When the Kargil hostilities ended with mopping-up operations after the capture of Tiger Hill by the 18 Grenadiers, amid the most resounding Bofors 155mm artillery barrage from Drass by mid-July, Point 5353 was still in Pakistani hands.
Two years later, I inquired about its status. Army Headquarters confirmed that at that time in 2001, a Baloch battalion of the Pakistan Army was manning it.
Before the Kargil War, the Indian Army was sure that Point 5353 was in Indian territory.
“Unless we take it, the NH 1A will continue to be vulnerable. They will always be able to direct fire to the road,” the officer had told me in that school.
After the war however, the Indian Army was less than sure. It had made at least two aborted attempts to re-take the height and had lost soldiers.

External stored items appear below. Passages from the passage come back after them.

(* A family of structures $\mathfrak{K}$ is $\mathbf{co}$-learnable if and only if $\mathfrak{K}$ is a $\Sigma^{\mathrm{inf}}_1$-antichain, i.e., for any two distinct $\mathcal{A},\mathcal{B}\in\mathfrak{K}$ there are $\Sigma^{\mathrm{inf}}_1$ sentences $\varphi,\psi$ with $\mathcal{A}\models\varphi$, $\mathcal{B}\not\models\varphi$, $\mathcal{B}\models\psi$, $\mathcal{A}\not\models\psi$ (equivalently, the $\Sigma^{\mathrm{inf}}_1$-theories of members of $\mathfrak{K}$ are pairwise $\subseteq$-incomparable).
   Context: All structures are countable, have domain $\mathbb{N}$, are in a finite relational signature, and are identified with their atomic diagrams. A family of structures $\mathfrak{K}$ is a countable set of pairwise nonisomorphic such structures. For a structure $\mathcal{S}$ and $s\in\mathbb{N}$, $\mathcal{S}\restriction_s$ denotes the finite substructure with domain $\{0,\dots,s\}$. $\mathrm{LD}(\mathfrak{K})$ is the set of all structures with domain $\mathbb{N}$ isomorphic to some member of $\mathfrak{K}$. The hypothesis space is $\{\ulcorner\mathcal{A}\urcorner:\mathcal{A}\in\mathfrak{K}\}\cup\{?\}$ (pairwise distinct formal symbols); a learner is an arbitrary function $\mathbf{M}$ from $\{\mathcal{S}\restriction_s:\mathcal{S}\in\mathrm{LD}(\mathfrak{K}),s\in\mathbb{N}\}$ to the hypothesis space. $\mathfrak{K}$ is $\mathbf{co}$-learnable if there is a learner $\mathbf{M}$ such that for every $\mathcal{S}\in\mathrm{LD}(\mathfrak{K})$, $\{\mathbf{M}(\mathcal{S}\restriction_s):s\in\mathbb{N}\}\setminus\{?\}=\{\ulcorner\mathcal{B}\urcorner:\mathcal{B}\in\mathfrak{K},\mathcal{B}\neq\mathcal{A}\}$ where $\mathcal{A}\in\mathfrak{K}$ is isomorphic to $\mathcal{S}$ (i.e., the only conjecture never output is the correct one). The $\Sigma^{\mathrm{inf}}_n$-theory of $\mathcal{A}$ is the set of $\Sigma^{\mathrm{inf}}_n$ sentences true in $\mathcal{A}$. Infinitary logic: $\Sigma^{\mathrm{inf}}_0=\Pi^{\mathrm{inf}}_0$ formulas are finitary quantifier-free formulas; a $\Sigma^{\mathrm{inf}}_\alpha$ formula is a countable disjunction $\bigvee_{i}\exists\bar y_i\,\psi_i$ with each $\psi_i\in\Pi^{\mathrm{inf}}_{\beta_i}$, $\beta_i<\alpha$; a $\Pi^{\mathrm{inf}}_\alpha$ formula is a countable conjunction $\bigwedge_i\forall\bar y_i\,\psi_i$ with each $\psi_i\in\Sigma^{\mathrm{inf}}_{\beta_i}$, $\beta_i<\alpha$ (free variables among a fixed finite tuple). *)

From mathcomp Require Import all_boot.
Set Implicit Arguments. Unset Strict Implicit. Unset Printing Implicit Defensive.

(* A finite relational signature: the list of arities of its relation symbols;
   relation symbols are the indices 'I_(size sig). *)
Definition arity (sig : seq nat) (r : 'I_(size sig)) : nat := nth 0 sig r.

(* A structure with domain nat, identified with its atomic diagram:
   for each relation symbol r, which arity-tuples of naturals satisfy r. *)
Definition structure (sig : seq nat) :=
  forall r : 'I_(size sig), (arity r).-tuple nat -> bool.

Definition iso (sig : seq nat) (A B : structure sig) : Prop :=
  exists f : nat -> nat, bijective f /\
    forall (r : 'I_(size sig)) (t : (arity r).-tuple nat),
      A r t = B r (map_tuple f t).

Definition agree_upto (sig : seq nat) (s : nat) (A B : structure sig) : Prop :=
  forall (r : 'I_(size sig)) (t : (arity r).-tuple nat),
    all (fun x => x <= s) t -> A r t = B r t.

Definition pairwise_noniso (sig : seq nat) (I : Type) (K : I -> structure sig) :=
  forall i j : I, iso (K i) (K j) -> i = j.

Definition LD (sig : seq nat) (I : Type) (K : I -> structure sig)
  (S : structure sig) : Prop := exists i, iso S (K i).

(* A learner: a function on the finite restrictions S|_s, S in LD(K), with values in
   the hypothesis space option I (None = '?', Some i = the name of K i).
   It is encoded as M : nat -> structure sig -> option I which only depends
   on S|_s (for S in LD(K)). *)
Definition learner (sig : seq nat) (I : Type) (K : I -> structure sig)
  (M : nat -> structure sig -> option I) : Prop :=
  forall (s : nat) (S S' : structure sig),
    LD K S -> LD K S' -> agree_upto s S S' -> M s S = M s S'.

Definition co_learnable (sig : seq nat) (I : Type) (K : I -> structure sig) : Prop :=
  exists M : nat -> structure sig -> option I, learner K M /\
    forall (S : structure sig) (i : I), iso S (K i) ->
      forall j : I, (exists s, M s S = Some j) <-> j <> i.

Inductive qf (sig : seq nat) : Type :=
  | QTrue | QFalse
  | QEq of nat & nat
  | QRel (r : 'I_(size sig)) of (arity r).-tuple nat
  | QNot of qf sig
  | QAnd of qf sig & qf sig
  | QOr of qf sig & qf sig.

Fixpoint qf_eval (sig : seq nat) (A : structure sig) (v : nat -> nat) (f : qf sig)
  : bool :=
  match f with
  | QTrue => true
  | QFalse => false
  | QEq x y => v x == v y
  | QRel r xs => A r (map_tuple v xs)
  | QNot g => ~~ qf_eval A v g
  | QAnd g h => qf_eval A v g && qf_eval A v h
  | QOr g h => qf_eval A v g || qf_eval A v h
  end.

(* A Sigma^inf_1 sentence: a countable disjunction \/_k (exists y_k, psi_k) with
   psi_k quantifier-free and all (finitely many) variables of psi_k bound by
   the existential block y_k. The countable index set is nat (a finite or empty
   disjunction is obtained by repetition / the disjunct QFalse). *)
Record sigma1_sentence (sig : seq nat) := Sigma1 { s1_disj : nat -> qf sig }.
(* Let $m\ge1$, let $W$ be a B-DMC, and let $E[J_n]$ be as in the context. For integers $k\ge0$ define $E[\hat J_k]=\min_{i\in\{0,1,\dots,m-1\}}E[J_{km-i}]$. Then $E[\hat J_k]\ge E[\hat J_{k-1}]$ for every $k\ge1$.
   Context: Fix an integer $m\ge1$. Define integers $N(n)$ by $N(n)=1$ for $1-m\le n\le 0$ and $N(n)=N(n-1)+N(n-m)$ for $n\ge1$; write $\mathbb N_n=\{1,\dots,N(n)\}$ (so $\mathbb N_n=\{1\}$ for $n\le 0$, and $\mathbb N_{n-m}\subseteq\mathbb N_{n-1}$). Define vectors $\mathbf s_n^{(i)}\in\{+,-,\bigstar\}^n$ for $n\ge0$, $i\in\mathbb N_n$, recursively: $\mathbf s_0^{(1)}$ is the empty vector, and for $n\ge1$: $\mathbf s_n^{(j)}=(\mathbf s_{n-1}^{(j)},+)$ and $\mathbf s_n^{(j+N(n-1))}=(\mathbf s_{n-1}^{(j)},-)$ for $j\in\mathbb N_{n-m}$, while $\mathbf s_n^{(j)}=(\mathbf s_{n-1}^{(j)},\bigstar)$ for $j\in\mathbb N_{n-1}\setminus\mathbb N_{n-m}$. Let $\mathcal S_n=\{\mathbf s_n^{(i)}:i\in\mathbb N_n\}$ for $n\ge1$. A B-DMC $V$ is a channel with input alphabet $\{0,1\}$, a finite output alphabet $\mathcal Y$ and transition probabilities $V(y|x)$. With base-2 logarithms and uniform input: $I(V)=\sum_{y}\sum_{x}\frac12V(y|x)\log\frac{V(y|x)}{\frac12V(y|0)+\frac12V(y|1)}$, $Z(V)=\sum_y\sqrt{V(y|0)V(y|1)}$, $J(V)=\log\frac{2}{1+Z(V)}$. For B-DMCs $V':\{0,1\}\to\mathcal Y_1$ and $V'':\{0,1\}\to\mathcal Y_2$ define $V'\boxminus V'':\{0,1\}\to\mathcal Y_1\times\mathcal Y_2$ by $(V'\boxminus V'')(y_1,y_2|x_1)=\sum_{x_2\in\{0,1\}}\frac12V'(y_1|x_1\oplus x_2)V''(y_2|x_2)$, and $V'\boxplus V'':\{0,1\}\to\mathcal Y_1\times\mathcal Y_2\times\{0,1\}$ by $(V'\boxplus V'')(y_1,y_2,x_1|x_2)=\frac12V'(y_1|x_1\oplus x_2)V''(y_2|x_2)$. Fix a B-DMC $W$. For every finite string $\mathbf t=(t_1,\dots,t_n)\in\{+,-,\bigstar\}^n$, $n\ge0$, define a B-DMC $W_{\mathbf t}$ recursively: $W_{\emptyset}=W$ for the empty string; for $n\ge1$ let $\mathbf t'=(t_1,\dots,t_{n-1})$ and $\mathbf t''=(t_1,\dots,t_{n-m})$ (the empty string if $n\le m$); then $W_{\mathbf t}=W_{\mathbf t''}\boxplus W_{\mathbf t'}$ if $t_n=+$, $W_{\mathbf t}=W_{\mathbf t''}\boxminus W_{\mathbf t'}$ if $t_n=-$, and $W_{\mathbf t}=W_{\mathbf t'}$ if $t_n=\bigstar$. For $n\ge1$ let $E[J_n]=\frac{1}{N(n)}\sum_{\mathbf s\in\mathcal S_n}J(W_{\mathbf s})$, and for $n\le0$ let $E[J_n]=J(W)$. *)

From Stdlib Require Import Reals List Arith ZArith.
Import ListNotations.
Open Scope R_scope.

(* A B-DMC with input {0,1} and finite output alphabet {0,...,k-1} is
   represented by its transition matrix, listed output by output:
   the y-th entry is the pair (V(y|0), V(y|1)). *)
Definition channel := list (R * R).

Definition valid_channel (V : channel) : Prop :=
  Forall (fun p => 0 <= fst p /\ 0 <= snd p) V /\
  fold_right Rplus 0 (map fst V) = 1 /\
  fold_right Rplus 0 (map snd V) = 1.

Definition log2 (x : R) : R := ln x / ln 2.

Definition Zb (V : channel) : R :=
  fold_right Rplus 0 (map (fun p => sqrt (fst p * snd p)) V).
Definition Jc (V : channel) : R := log2 (2 / (1 + Zb V)).

(* (V' boxminus V'')(y1,y2|x1) = sum_{x2} 1/2 V'(y1|x1+x2) V''(y2|x2);
   outputs (y1,y2) enumerated over y1 then y2. *)
Definition boxminus (V' V'' : channel) : channel :=
  flat_map (fun p => map (fun q =>
     (/2 * (fst p * fst q + snd p * snd q),
      /2 * (snd p * fst q + fst p * snd q))) V'') V'.

(* (V' boxplus V'')(y1,y2,x1|x2) = 1/2 V'(y1|x1+x2) V''(y2|x2);
   outputs (y1,y2,x1) with x1 = 0 then x1 = 1. *)
Definition boxplus (V' V'' : channel) : channel :=
  flat_map (fun p => flat_map (fun q =>
     [ (/2 * (fst p * fst q), /2 * (snd p * snd q)) ;
       (/2 * (snd p * fst q), /2 * (fst p * snd q)) ]) V'') V'.

Inductive sym : Set := Plus | Minus | Star.

(* Window of the integers N: Nwin m k = [N(k); N(k-1); ...; N(k-m+1)],
   with N(j) = 1 for 1-m <= j <= 0 and N(n) = N(n-1) + N(n-m) for n >= 1. *)
Fixpoint Nwin (m k : nat) : list nat :=
  match k with
  | O => repeat 1%nat m
  | S k' => let w := Nwin m k' in (hd 1%nat w + last w 1%nat)%nat :: removelast w
  end.

(* N(n) for n >= 0.  For n <= 0 one has N(n) = 1 = N(0), so N(n - m) with
   truncated nat subtraction is correct. *)
Definition Nn (m n : nat) : nat := hd 1%nat (Nwin m n).
(* Let $G$ be a graph (simple, connected, locally finite) all of whose edges have length $k$, let $\mathcal{L}(G)$ be its line graph and $h:\mathcal{L}(G)\to G$ the map defined below. Let $\gamma^*$ be a geodesic of $\mathcal{L}(G)$ joining points $x,y$ that are each either a vertex of $\mathcal{L}(G)$ or a midpoint of an edge of $\mathcal{L}(G)$. Then $h(\gamma^* )$ is the union of three geodesics $\gamma_1^*,\gamma_2^*,\gamma_3^*$ of $G$ with $h(x)\in\gamma_1^*$, $h(y)\in\gamma_3^*$ and $0\le L(\gamma_1^* ),L(\gamma_3^* )\le k/2$.
   Context: Graphs are regarded as geodesic metric spaces: each edge is identified with a real interval of its length and distances are shortest-path distances. The line graph $\mathcal{L}(G)$ has a vertex $V_e$ for each edge $e$ of $G$, and an edge $[V_{e_i},V_{e_j}]$ whenever $e_i\neq e_j$ and $e_i\cap e_j\neq\varnothing$, of length $(L(e_i)+L(e_j))/2$ (here equal to $k$). $Pm(e)$ denotes the midpoint of $e$. The map $h$ is defined by $h(V_e)=Pm(e)$, $h$(midpoint of $[V_{e_i},V_{e_j}]$)$=e_i\cap e_j$ (a vertex of $G$), and for $x_0$ in the interior of the segment from $V_e$ to the midpoint of $[V_e,V_{e_0}]$, $h(x_0)$ is the point of the half-edge of $e$ from $Pm(e)$ to $e\cap e_0$ at distance $d(x_0,V_e)$ from $Pm(e)$. *)

From Stdlib Require Import Reals Lra List ClassicalEpsilon ClassicalDescription.
Open Scope R_scope.

Set Implicit Arguments.

Inductive walk (V : Type) (adj : V -> V -> Prop) : nat -> V -> V -> Prop :=
| walk0 u : walk adj 0 u u
| walkS n u w v : adj u w -> walk adj n w v -> walk adj (S n) u v.

Definition simple_graph (V : Type) (adj : V -> V -> Prop) : Prop :=
  (forall u v, adj u v -> adj v u) /\ (forall u, ~ adj u u).

Definition connected (V : Type) (adj : V -> V -> Prop) : Prop :=
  forall u v, exists n, walk adj n u v.

Definition locally_finite (V : Type) (adj : V -> V -> Prop) : Prop :=
  forall u, exists l : list V, forall v, adj u v -> In v l.

(** combinatorial distance: the least length of a walk (meaningful for
    connected graphs) *)
Definition gdist (V : Type) (adj : V -> V -> Prop) (u v : V) : nat :=
  epsilon (inhabits 0%nat)
    (fun n => walk adj n u v /\ forall m, walk adj m u v -> (n <= m)%nat).

(** * Metric graph with all edges of length [len]
    A point is represented by [MPoint a b t] with [adj a b], [0 <= t <= len]:
    the point of the edge [a b] at distance [t] from [a].  Different
    representations of the same point (e.g. [MPoint a b t] and
    [MPoint b a (len - t)], or a vertex seen on different incident edges)
    are at distance 0; points are compared up to distance 0. *)

Record mpoint (V : Type) := MPoint { mp_a : V; mp_b : V; mp_t : R }.
Arguments MPoint {V}.

Definition is_mpoint (V : Type) (adj : V -> V -> Prop) (len : R) (p : mpoint V)
  : Prop := adj (mp_a p) (mp_b p) /\ 0 <= mp_t p <= len.

Definition route (V : Type) (adj : V -> V -> Prop) (len : R)
  (dp : R) (x y : V) (dq : R) : R :=
  dp + len * INR (gdist adj x y) + dq.

Definition mdist (V : Type) (adj : V -> V -> Prop) (len : R) (p q : mpoint V) : R :=
  let a := mp_a p in let b := mp_b p in let t := mp_t p in
  let c := mp_a q in let e := mp_b q in let s := mp_t q in
  if excluded_middle_informative (a = c /\ b = e) then Rabs (t - s)
  else if excluded_middle_informative (a = e /\ b = c) then Rabs (t - (len - s))
  else Rmin (Rmin (route adj len t a c s) (route adj len t a e (len - s)))
            (Rmin (route adj len (len - t) b c s)
                  (route adj len (len - t) b e (len - s))).
Lemma GUAS_GLyapunov : GUAS ft (ZG E) -> exists W, GLyapunov ft E W.
Proof.
move=> [b [bKL b_bound]].
have [a1 [a2 [a1K a2K a1b]]] := classKL_decay bKL.
have /classKinfP[_ a10 a1_incr _] := a1K.
pose Wset x j := [set 2 ^+ k * a1 (vnorm (Phi ft k x z)) | k in setT & z in ZGs E j].
pose W x j := sup (Wset x j).
have Wset_ub x j y : Wset x j y -> y <= a2 (vnorm x).
  move=> [k _ [z [w [zw _]] <-]]; rewrite -ler_pdivlMl ?exprn_gt0 //.
  apply: le_trans (a1b _ k (vnorm_ge0 x)); apply: (nonneg_incr_le a1_incr) (vnorm_ge0 _) _.
  by apply: b_bound; exists w.
have Wset_Phi0 x j : Wset x j (a1 (vnorm x)).
  by have [z zj] := ZGs_nonempty HE j; exists 0%N => //; exists z => //; rewrite mul1r.
have Wset_has_ub x j : has_ubound (Wset x j) by exists (a2 (vnorm x)) => y /Wset_ub.
exists W, a1, a2, 2^-1; split=> //; split=> //.
split; first by rewrite invr_ge0 ler0n.
split; first by rewrite invf_lt1 ?ltr0n // ltr1n.
split=> [x j|x j l i ejl].
  split; first exact: ub_le_sup (Wset_has_ub x j) _ (Wset_Phi0 x j).
  by apply: ge_sup; [exists (a1 (vnorm x))|move=> y /Wset_ub].
apply: ge_sup; first by exists (a1 (vnorm (ft x i))).
move=> _ [k _ [z' z'l <-]]; have [z [zj z0 zS]] := ZGs_cons HE ejl z'l.
rewrite -ler_pdivrMl ?invr_gt0 ?ltr0n // invrK mulrA -exprS -z0 -(Phi_cons ft k x zS).
by apply: ub_le_sup (Wset_has_ub x j) _ _; exists k.+1 => //; exists z.
Qed.

End SwitchedSystem.

Theorem mainTheorem6 (R : realType) (n : nat) (Sig : countType) (i0 : Sig)
  (S : finType) (E : S -> S -> Sig -> Prop) (HE : standing E)
  (ft : 'rV[R]_n -> Sig -> 'rV[R]_n) :
  GUAS ft (ZG E) <-> exists W : 'rV[R]_n -> S -> R, GLyapunov ft E W.
Proof.
split; first exact: GUAS_GLyapunov.
by move=> [W]; exact: GLyapunov_GUAS.
Qed.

Then, in 2002, then defence minister George Fernandes issued a statement that “Point 5353 is right on the LoC”, meaning, to all effect, India had accepted a change in the alignment of the boundary. A new was normalized.
It is still in Pakistani hands. It never really became a public issue. It continues to remain a monument to strategic vulnerability.
Accepting the Chinese intrusions now, would mean such an alteration when the Durbuk-Shyok-Daulat Beg Oldi (DSDBO) road is within the PLA’s field of fire.
From shoulders above the Galwan nullah in Eastern Ladakh’s sub-sector north (SSN), the PLA can command a wide field of view of India’s only access to the Karakoram Pass. The PLA does not have to be in the confluence in the Galwan Valley where the Indian Army and the Border Roads Organisation have camps. The Galwan rivulet flows from the Chinese side to the east into the Shyok on the west through a gorge. The PLA commands a field of fire that can interdict the road.
That complicates matters a little more than super and carpet areas brokered in Noida.